> **WORK INSTRUCTION**:
Look through the records below for the line with "End Adjoint." and the line with "Lemma tensmxNr m", then return those lines and all lines between, exactly.

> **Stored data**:
(* Let $N\ge1$ and $\eta\in[0,1]$. For bit strings $l_y\in\{0,1\}^N$ with $l_y^1=0$, $y=1,\dots,2^{N-1}$, consider the quantum functional $$(\mathcal B_N)_Q=\eta\sum_{y=1}^{2^{N-1}}\Big|\sum_{x=1}^N(-1)^{l_y^x}\,\mathrm{Tr}\big[\rho_{AB}\,(A_x\otimes B_y)\big]\Big|,$$ where $\rho_{AB}$ is a density operator on $\mathcal H_A\otimes\mathcal H_B$ (finite-dimensional Hilbert spaces of arbitrary dimension) and $A_x$, $B_y$ are self-adjoint operators with $A_x^2=\mathbb I$, $B_y^2=\mathbb I$. Then the supremum of $(\mathcal B_N)_Q$ over all such states and observables equals $\eta\,2^{N-1}\sqrt N$, and this value is attained when $A_1,\dots,A_N$ pairwise anticommute, i.e. $A_xA_{x'}+A_{x'}A_x=2\delta_{x,x'}\mathbb I$.
   Context: Alice's unsharp measurements are the POVMs $\{E_{\pm|x}=\tfrac12(\mathbb I\pm\eta A_x)\}$, so that the effective observable is $\eta A_x$; $\eta$ is the unsharpness parameter. *)

(* Scalars: an arbitrary numClosedFieldType C (e.g. the
   complex numbers); operators on finite-dimensional spaces are square
   matrices, H_A (x) H_B = C^(dA*dB) with the Kronecker product tensmx. *)
From HB Require Import structures.
From mathcomp Require Import all_boot all_order all_algebra.
From mathcomp Require Import sesquilinear.
From mathcomp.real_closed Require Import mxtens.
Set Implicit Arguments. Unset Strict Implicit. Unset Printing Implicit Defensive.
Import Order.TTheory GRing.Theory Num.Theory.
Local Open Scope ring_scope.

Section Defs.
Variable C : numClosedFieldType.

Definition adjmx m n (M : 'M[C]_(m, n)) : 'M[C]_(n, m) := map_mx Num.conj M^T.

Definition selfadj n (M : 'M[C]_n) : Prop := adjmx M = M.

Definition psd n (M : 'M[C]_n) : Prop :=
  selfadj M /\ forall v : 'cV[C]_n, 0 <= (adjmx v *m M *m v) 0 0.

Definition density n (rho : 'M[C]_n) : Prop := psd rho /\ \tr rho = 1.

Definition observable n (M : 'M[C]_n) : Prop := selfadj M /\ M *m M = 1%:M.

(* bit strings l in {0,1}^N (true = 1) with first bit l^1 = 0 *)
Definition firstbit0 N (l : {ffun 'I_N -> bool}) : bool :=
  [forall i : 'I_N, (nat_of_ord i == 0%N) ==> ~~ l i].

(* the quantum functional (B_N)_Q for unsharpness eta; the 2^(N-1)
   measurements B_y of Bob are indexed by their bit strings l_y *)
Definition BNQ N dA dB (eta : C) (rho : 'M[C]_(dA * dB))
    (A : 'I_N -> 'M[C]_dA) (B : {ffun 'I_N -> bool} -> 'M[C]_dB) : C :=
  eta * \sum_(l : {ffun 'I_N -> bool} | firstbit0 l)
          `| \sum_(x < N) (-1) ^+ l x * \tr (rho *m tensmx (A x) (B l)) |.
End Defs.

From HB Require Import structures.
From mathcomp Require Import all_boot all_order all_algebra.
From mathcomp Require Import sesquilinear.
From mathcomp.real_closed Require Import mxtens.
From mathcomp Require Import ring.
Set Implicit Arguments. Unset Strict Implicit. Unset Printing Implicit Defensive.
Import Order.TTheory GRing.Theory Num.Theory.
Local Open Scope ring_scope.

(* Put [S_l = sum_x (-1)^(l_x) A_x] and [c = sqrt N].  Positivity of [rho]
   applied to the square of [S_l (x) 1 - c (1 (x) B_l)] gives
   [2 c |<S_l (x) B_l>| <= <S_l^2 (x) 1> + c^2].  Summed over the 2^(N-1)
   strings [l] the cross terms [A_x A_x'] of [S_l^2] cancel, so the sum of the
   right-hand sides is [2^(N-1) (N + c^2)], whence the bound [2^(N-1) c].
   Equality holds for [N] pairwise anticommuting involutions [A_x], built
   recursively from the Pauli matrices [X] and [Z], with [B_l = S_l / c] and
   the maximally entangled state, for which [<S_l (x) S_l> = Tr (S_l^T S_l) / d
   = N]. *)

Section Adjoint.
Variable C : numClosedFieldType.

Lemma adjmxK m n (A : 'M[C]_(m, n)) : adjmx (adjmx A) = A.
Proof. by apply/matrixP => i j; rewrite !mxE conjCK. Qed.

Lemma adjmxM m n p (A : 'M[C]_(m, n)) (B : 'M[C]_(n, p)) :
  adjmx (A *m B) = adjmx B *m adjmx A.
Proof. by rewrite /adjmx trmx_mul map_mxM. Qed.

Lemma adjmxD m n (A B : 'M[C]_(m, n)) : adjmx (A + B) = adjmx A + adjmx B.
Proof. by rewrite /adjmx linearD map_mxD. Qed.

Lemma adjmxN m n (A : 'M[C]_(m, n)) : adjmx (- A) = - adjmx A.
Proof. by rewrite /adjmx linearN map_mxN. Qed.

Lemma adjmxZ m n a (A : 'M[C]_(m, n)) : adjmx (a *: A) = a^* *: adjmx A.
Proof. by apply/matrixP => i j; rewrite !mxE rmorphM. Qed.

Lemma adjmx1 n : adjmx (1%:M : 'M[C]_n) = 1%:M.
Proof. by rewrite /adjmx trmx1 map_mx1. Qed.

Lemma adjmx_sum m n I (r : seq I) (P : pred I) (F : I -> 'M[C]_(m, n)) :
  adjmx (\sum_(i <- r | P i) F i) = \sum_(i <- r | P i) adjmx (F i).
Proof. by rewrite /adjmx linear_sum map_mx_sum. Qed.

Lemma adjmx_tens m n p q (A : 'M[C]_(m, n)) (B : 'M[C]_(p, q)) :
  adjmx (A *t B) = adjmx A *t adjmx B.
Proof. by rewrite /adjmx trmx_tens map_mxT. Qed.

Lemma adjmx_delta m n (i : 'I_m) (j : 'I_n) :
  adjmx (delta_mx i j : 'M[C]_(m, n)) = delta_mx j i.
Proof. by rewrite /adjmx trmx_delta map_delta_mx. Qed.

End Adjoint.

Section TensorLinear.
Variable R : pzRingType.

Lemma tensmxDl m n p q (A B : 'M[R]_(m, n)) (M : 'M[R]_(p, q)) :
  (A + B) *t M = A *t M + B *t M.
Proof. by apply/matrixP => i j; rewrite !mxE mulrDl. Qed.

Lemma tensmxNl m n p q (A : 'M[R]_(m, n)) (M : 'M[R]_(p, q)) :
  (- A) *t M = - (A *t M).
Proof. by apply/matrixP => i j; rewrite !mxE mulNr. Qed.

Lemma tensmxNr m n p q (A : 'M[R]_(m, n)) (M : 'M[R]_(p, q)) :
  A *t (- M) = - (A *t M).
Proof. by apply/matrixP => i j; rewrite !mxE mulrN. Qed.

Lemma tensmxZl m n p q a (A : 'M[R]_(m, n)) (M : 'M[R]_(p, q)) :
  (a *: A) *t M = a *: (A *t M).
Proof. by apply/matrixP => i j; rewrite !mxE mulrA. Qed.

Lemma tensmx_suml m n p q I (r : seq I) (P : pred I) (F : I -> 'M[R]_(m, n))
    (M : 'M[R]_(p, q)) :
  (\sum_(i <- r | P i) F i) *t M = \sum_(i <- r | P i) F i *t M.
Proof. exact: (big_morph _ (fun A B => tensmxDl A B M) (tens0mx M)). Qed.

> **PROBLEM SOLUTION**:
End Adjoint.

Section TensorLinear.
Variable R : pzRingType.

Lemma tensmxDl m n p q (A B : 'M[R]_(m, n)) (M : 'M[R]_(p, q)) :
  (A + B) *t M = A *t M + B *t M.
Proof. by apply/matrixP => i j; rewrite !mxE mulrDl. Qed.

Lemma tensmxNl m n p q (A : 'M[R]_(m, n)) (M : 'M[R]_(p, q)) :
  (- A) *t M = - (A *t M).
Proof. by apply/matrixP => i j; rewrite !mxE mulNr. Qed.

Lemma tensmxNr m n p q (A : 'M[R]_(m, n)) (M : 'M[R]_(p, q)) :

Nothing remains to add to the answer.